= WORK INSTRUCTION =
In the records below, find the line with "have [l1A l2A]" and the line with "by rewrite -sum_nat_const;"; return exactly those lines and every line between them.

== EXERCISE DATA ==

Lemma weight_arc a b : weight (arc a b) = d a b.
Proof.
rewrite /weight (bigD1 a) //= [X in _ + X]big1 => [|x xa]; last first.
  by apply: big1 => y _; rewrite /arc /= (negbTE xa).
rewrite addn0 (bigD1 b) //= [X in _ + X]big1 => [|y yb]; last by rewrite /arc /= (negbTE yb) andbF.
by rewrite /arc /= !eqxx mul1n addn0.
Qed.

Lemma weight_delv e v : symmetric e -> irreflexive e ->
  weight e = weight (delv e v) + \sum_(y in nbhd e v) (d v y + d y v).
Proof.
move=> sy ir; have out F : \sum_y e v y * F y = \sum_(y in nbhd e v) F y.
  by rewrite [RHS]big_mkcond; apply: eq_bigr => y _; rewrite in_nbhd; case: (e v y); rewrite ?mul1n.
rewrite big_split /= -!out /weight (bigD1 v) //= [RHS]addnCA; congr (_ + _).
rewrite [X in _ = X + _](bigD1 v) //= [X in _ = X + _ + _]big1 ?add0n => [|y _]; last first.
  by rewrite /delv /= eqxx.
have -> : \sum_y e v y * d y v = \sum_(x | x != v) e x v * d x v.
  by rewrite (bigD1 v) //= ir add0n; apply: eq_bigr => x _; rewrite sy.
rewrite -big_split /=; apply: eq_bigr => x xv; rewrite (bigD1 v) //= addnC.
rewrite [X in _ = X + _](bigD1 v) //= {1}/delv /= eqxx andbF add0n.
by congr (_ + _); apply: eq_bigr => y yv; rewrite /delv /= xv yv.
Qed.

Hypothesis d_triangle : forall x y z, d x z <= d x y + d y z.

Lemma weight_smooth e v a b : symmetric e -> irreflexive e ->
  nbhd e v = [set a; b] -> a != b -> weight (smooth e v a b) <= weight e.
Proof.
move=> sy ir Nv ab; rewrite (weight_delv v sy ir) Nv big_setU1 ?big_set1 ?inE //=.
apply: leq_trans (leq_weightU (e1 := delv e v) (e2 := link a b) _) _ => //.
rewrite leq_add2l; apply: leq_trans (leq_weightU (e1 := arc a b) (e2 := arc b a) _) _ => //.
rewrite !weight_arc; have := d_triangle a v b; have := d_triangle b v a; lia.
Qed.

End Weight.

Section Reduction.
Variables (V : finType) (d : V -> V -> nat) (L : {set V}).
Hypothesis d_triangle : forall x y z, d x z <= d x y + d y z.
Implicit Types (e : rel V) (A : {set V}).

Definition steiner_graph A e :=
  [/\ symmetric e, irreflexive e, supported e A, L \subset A & connected_on e A].

Definition edge_count e := #|[pred p : V * V | e p.1 p.2]|.

(* Lexicographic: first the number of vertices, then the number of edges. *)
Definition graph_size A e := #|A| * #|{: V * V}|.+1 + edge_count e.

Lemma graph_size_delete A e e' x : x \in A -> graph_size (A :\ x) e' < graph_size A e.
Proof.
move=> xA; rewrite /graph_size (cardsD1 x A) xA add1n mulSn.
have : edge_count e' <= #|{: V * V}| by apply: max_card.
lia.
Qed.

Lemma edge_count_cut e a b : e a b -> edge_count (cut_edge e a b) < edge_count e.
Proof.
move=> eab; apply: proper_card; apply/properP; split.
  by apply/subsetP => p; rewrite !inE /cut_edge /= => /andP[].
by exists (a, b); rewrite !inE /cut_edge /link /arc /= ?eab ?eqxx.
Qed.

Lemma steiner_cut A e a b c s : steiner_graph A e ->
  uniq [:: a, b, c & s] -> cycle e [:: a, b, c & s] -> steiner_graph A (cut_edge e a b).
Proof.
case=> sy ir sup LA co u cy; split => //.
- exact: cut_edge_sym.
- by move=> x; rewrite /cut_edge /= ir.
- by move=> x y /andP[/sup].
- exact: connected_on_cut_cycle cy co.
Qed.

Lemma steiner_delv_leaf A e x w : steiner_graph A e -> x \notin L ->
  nbhd e x = [set w] -> steiner_graph (A :\ x) (delv e x).
Proof.
case=> sy ir sup LA co xL Nx; split.
- exact: delv_sym.
- exact: delv_irr.
- exact: delv_supported.
- by apply/subsetP => y yL; rewrite !inE (subsetP LA _ yL) andbT; apply: contraNneq xL => <-.
- exact: connected_on_delv_leaf Nx.
Qed.

Lemma steiner_smooth A e x a b : steiner_graph A e -> x \notin L ->
  nbhd e x = [set a; b] -> a != b -> steiner_graph (A :\ x) (smooth e x a b).
Proof.
case=> sy ir sup LA co xL Nx ab; split.
- exact: smooth_sym.
- exact: smooth_irr.
- exact: smooth_supported Nx.
- by apply/subsetP => y yL; rewrite !inE (subsetP LA _ yL) andbT; apply: contraNneq xL => <-.
- exact: connected_on_smooth Nx.
Qed.

(* Take a Steiner graph of minimal [graph_size] among those no heavier than [e].
   Cutting an edge of a cycle, deleting a non-terminal leaf or smoothing a
   non-terminal vertex of degree two would shrink it without increasing its
   weight (the last by the triangle inequality). *)
Lemma exists_reduced_steiner A e : steiner_graph A e -> L != set0 ->
  exists A' e', [/\ steiner_graph A' e', weight d e' <= weight d e, acyclic e' &
    {in A' :\: L, forall x, 2 < #|nbhd e' x|}].
Proof.
move=> st0 /set0Pn[l lL].
pose P k := exists A' e',
  [/\ steiner_graph A' e', weight d e' <= weight d e & graph_size A' e' = k].
have [_ [A' [e' [st le <-]]] minimal] : exists2 k, P k & forall j, P j -> k <= j.
  by apply: exists_minimal_nat; exists A, e.
have [sy ir sup LA co] := st.
have no_smaller A'' e'' : steiner_graph A'' e'' -> weight d e'' <= weight d e' ->
    graph_size A' e' <= graph_size A'' e''.
  by move=> st'' le''; apply: minimal; exists A'', e''; split => //; apply: leq_trans le.
exists A', e'; split => //.
  move=> [|a [|b [|c s]]] // u _; apply/negP => cy.
  have cut_le : weight d (cut_edge e' a b) <= weight d e' by apply: leq_weight_sub => ? ? /andP[].
  have := no_smaller _ _ (steiner_cut st u cy) cut_le.
  by rewrite /graph_size leq_add2l leqNgt edge_count_cut //; case/andP: cy.
move=> x; rewrite inE => /andP[xL xA]; rewrite ltnNge; apply/negP => deg_x.
have lA := subsetP LA _ lL.
have xl : x != l by apply: contraNneq xL => ->.
move: deg_x (nbhd_gt0 co xA lA xl); rewrite leq_eqVlt ltnS leq_eqVlt ltnS leqn0.
case/or3P => [/cards2P[a [b [ab Nx]]]|/cards1P[w Nx]|/eqP-> //] _.
  have := no_smaller _ _ (steiner_smooth st xL Nx ab) (weight_smooth d_triangle sy ir Nx ab).
  by rewrite leqNgt graph_size_delete.
have delv_le : weight d (delv e' x) <= weight d e' by apply: leq_weight_sub => ? ? /and3P[].
have := no_smaller _ _ (steiner_delv_leaf st xL Nx) delv_le.
by rewrite leqNgt graph_size_delete.
Qed.

Lemma steiner_tree_card A e : steiner_graph A e -> acyclic e ->
  {in A :\: L, forall x, 2 < #|nbhd e x|} -> 1 < #|L| -> #|A| + 2 <= 2 * #|L|.
Proof.
case=> sy ir sup LA co ac deg3 /card_gt1P[l1 [l2 [l1L l2L l12]]].
have [l1A l2A] := (subsetP LA _ l1L, subsetP LA _ l2L).
have A0 : A != set0 by apply/set0Pn; exists l1.
have := forest_deg_sum sy ir ac sup A0.
rewrite (big_setID L) /= (setIidPr LA).
have deg_L : #|L| <= \sum_(x in L) #|nbhd e x|.
  rewrite -sum1_card; apply: leq_sum => x /(subsetP LA) xA.
  have [xl1|xl1] := eqVneq x l1; last exact: nbhd_gt0 co xA l1A xl1.
  by apply: nbhd_gt0 co xA l2A _; rewrite xl1.
have deg_AL : #|A :\: L| * 3 <= \sum_(x in A :\: L) #|nbhd e x|.
  by rewrite -sum_nat_const; apply: leq_sum => x /deg3.
have := cardsID L A; rewrite (setIidPr LA); lia.
Qed.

===

= RESPONSE BELOW =
have [l1A l2A] := (subsetP LA _ l1L, subsetP LA _ l2L).
have A0 : A != set0 by apply/set0Pn; exists l1.
have := forest_deg_sum sy ir ac sup A0.
rewrite (big_setID L) /= (setIidPr LA).
have deg_L : #|L| <= \sum_(x in L) #|nbhd e x|.
  rewrite -sum1_card; apply: leq_sum => x /(subsetP LA) xA.
  have [xl1|xl1] := eqVneq x l1; last exact: nbhd_gt0 co xA l1A xl1.
  by apply: nbhd_gt0 co xA l2A _; rewrite xl1.
have deg_AL : #|A :\: L| * 3 <= \sum_(x in A :\: L) #|nbhd e x|.
  by rewrite -sum_nat_const; apply: leq_sum => x /deg3.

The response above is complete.